# Import Library

In [None]:
import numpy as np
import pandas as pd
import matplotlib.pyplot as plt
import seaborn as sn
import random 
from sklearn.model_selection import train_test_split
from sklearn.model_selection import cross_validate
from sklearn.ensemble import RandomForestClassifier
from sklearn.metrics import log_loss
from sklearn import metrics
from sklearn.inspection import permutation_importance
from xgboost import XGBClassifier
pd.set_option('display.max_columns', None)

# Import Data

In [None]:
path = '../input/walmart-recruiting-trip-type-classification/'
df = pd.read_csv(path + 'train.csv.zip')
test = pd.read_csv(path + 'train.csv.zip')

In [None]:
# df = pd.read_csv('train.csv', encoding = "utf-8")
# test = pd.read_csv('test.csv', encoding = "utf-8")

# EDA!

- **TripType** - a categorical id representing the type of shopping trip the customer made. This is the ground truth that you are predicting. TripType_999 is an "other" category.

- **VisitNumber** - an id corresponding to a single trip by a single customer

- **Weekday** - the weekday of the trip

- **Upc** - the UPC number of the product purchased

- **ScanCount** - the number of the given item that was purchased. A negative value indicates a product return.

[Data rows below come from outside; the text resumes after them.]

Lemma f_ge_linear_near0 z : - (gv / (2 * bv)) < z < 0 ->
  (2 * Rabs A / gv + B / bv) * z <= f z.
Proof.
  intro hz.
  assert (hD : gv / 2 < bv * z + gv).
  { assert (bv * (gv / (2 * bv)) = gv / 2) by (field; lra). nra. }
  rewrite hf by lra. apply (Rle_div_r _ _ (bv * z + gv)); [lra|].
  set (L := 2 * Rabs A / gv + B / bv).
  assert (hLD : L * (gv / 2) = Rabs A + B * (gv / (2 * bv))) by (unfold L; field; lra).
  assert (hL : 0 <= L).
  { pose proof (Rabs_pos A).
    assert (0 <= 2 * Rabs A / gv)
      by (apply Rmult_le_pos; [lra | apply Rlt_le, Rinv_0_lt_compat; lra]).
    assert (0 < B / bv) by (apply Rdiv_lt_0_compat; lra).
    unfold L. lra. }
  pose proof (Rle_abs A).
  assert (A - B * z <= L * (bv * z + gv)) by nra.
  nra.
Qed.

Lemma f_le_quadratic z : A <= 0 -> 0 <= z <= 1 -> f z <= - (B / (bv + gv)) * (z * z).
Proof.
  intros hA hz. rewrite hf by nra. apply (Rle_div_l _ _ (bv * z + gv)); [nra|].
  set (c := B / (bv + gv)).
  assert (hc : c * (bv + gv) = B) by (unfold c; field; lra).
  assert (0 <= c * (z * z)) by (apply Rmult_le_pos; [apply Rlt_le, Rdiv_lt_0_compat | nra]; lra).
  assert (hmono : c * (z * z) * (bv * z + gv) <= c * (z * z) * (bv + gv))
    by (apply Rmult_le_compat_l; nra).
  replace (c * (z * z) * (bv + gv)) with (c * (bv + gv) * (z * z)) in hmono by ring.
  rewrite hc in hmono. nra.
Qed.

Lemma f_le_linear z : A <= 0 -> 0 <= z <= 1 -> f z <= A / (bv + gv) * z.
Proof.
  intros hA hz. rewrite hf by nra. apply (Rle_div_l _ _ (bv * z + gv)); [nra|].
  set (k := A / (bv + gv)).
  assert (hk : k * (bv + gv) = A) by (unfold k; field; lra).
  assert (k <= 0) by (apply (Rle_div_l _ _ (bv + gv)); lra).
  assert (hmono : k * z * (bv + gv) <= k * z * (bv * z + gv))
    by (apply Rmult_le_compat_neg_l; nra).
  replace (k * z * (bv + gv)) with (k * (bv + gv) * z) in hmono by ring.
  rewrite hk in hmono. nra.
Qed.

Lemma f_endemic_form z : 0 <= z -> f z = - (B * z / (bv * z + gv)) * (z - A / B).
Proof. intro hz. rewrite hf by nra. field. split; nra. Qed.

- **DepartmentDescription** - a high-level description of the item's department

- **FinelineNumber** - a more refined category for each of the products, created by Walmart

There are 5704 duplicated entries 

In [None]:
df.loc[df.duplicated()].shape

Because every entries including ScanCount are duplicated, it is likely that the entries are really duplicates.

In [None]:
df.loc[df.duplicated(keep=False)]

Drop duplicates data

In [None]:
df = df.drop_duplicates()

Let's look at the data shape

In [None]:
df.shape

In [None]:
df.head()

## Explore the responses 

There are 38 unique type of trip

In [None]:
len(df['TripType'].unique())

The data is unbalanced, and there are 38! classes of data. Furthermore max-min number of members per class equal to ~170k members

In [None]:
plt.figure(figsize = (12, 10))

sn.set_style('whitegrid')
ax = sn.countplot(x = 'TripType', data = df, palette = 'mako')
ax = ax.set(title = 'The Frequent of Trip Type', ylabel = 'Counts', xlabel = 'Trip Type')

In [None]:
df['TripType'].value_counts().describe()

## Explore the predictors 

### ScanCount

No null in scancount

In [None]:
df.loc[df['ScanCount'].isnull()]

Histrogram plot to see how the data distributed

In [None]:
df['ScanCount'].plot.hist(bins=50)

In [None]:
df['ScanCount'].value_counts()

The biggest number of item purchase per item per visit seem to be 1 or 2 items

### Returned Item

The item that has been purchase and return in the same visit should be cut

In [None]:
df.loc[df.duplicated(subset=['TripType', 'VisitNumber', 'Weekday', 'Upc', 'DepartmentDescription', 'FinelineNumber'], keep=False)]

In [None]:
df = df.groupby(['Upc', 'TripType', 'VisitNumber', 'Weekday',
            'DepartmentDescription', 'FinelineNumber'])['ScanCount'].sum().reset_index()

In [None]:
df.loc[df.duplicated(subset=['TripType', 'VisitNumber', 'Weekday',
                             'Upc', 'DepartmentDescription', 'FinelineNumber'], keep=False)]

In [None]:
df = df.loc[df['ScanCount'] != 0]

The item that has been purchase and return in the same visit has been cut

In [None]:
df['ScanCount'].value_counts()

The number of item purchase has not been change much

### VisitNumber

No null number

In [None]:
df.loc[df['VisitNumber'].isnull()]

95674 unique visit numbers

In [None]:
len(df['VisitNumber'].unique())

In [None]:
number_item_purchase = pd.DataFrame()

**Create a series counting number of unique item purchase per visit**

In [None]:
number_item_purchase['unique_count'] = df.groupby(['VisitNumber'])['Upc'].count()

In [None]:
number_item_purchase['unique_count'].head()

In [None]:
number_item_purchase['unique_count'].plot.hist(bins=30, alpha=0.5)

In [None]:
number_item_purchase['unique_count'].describe()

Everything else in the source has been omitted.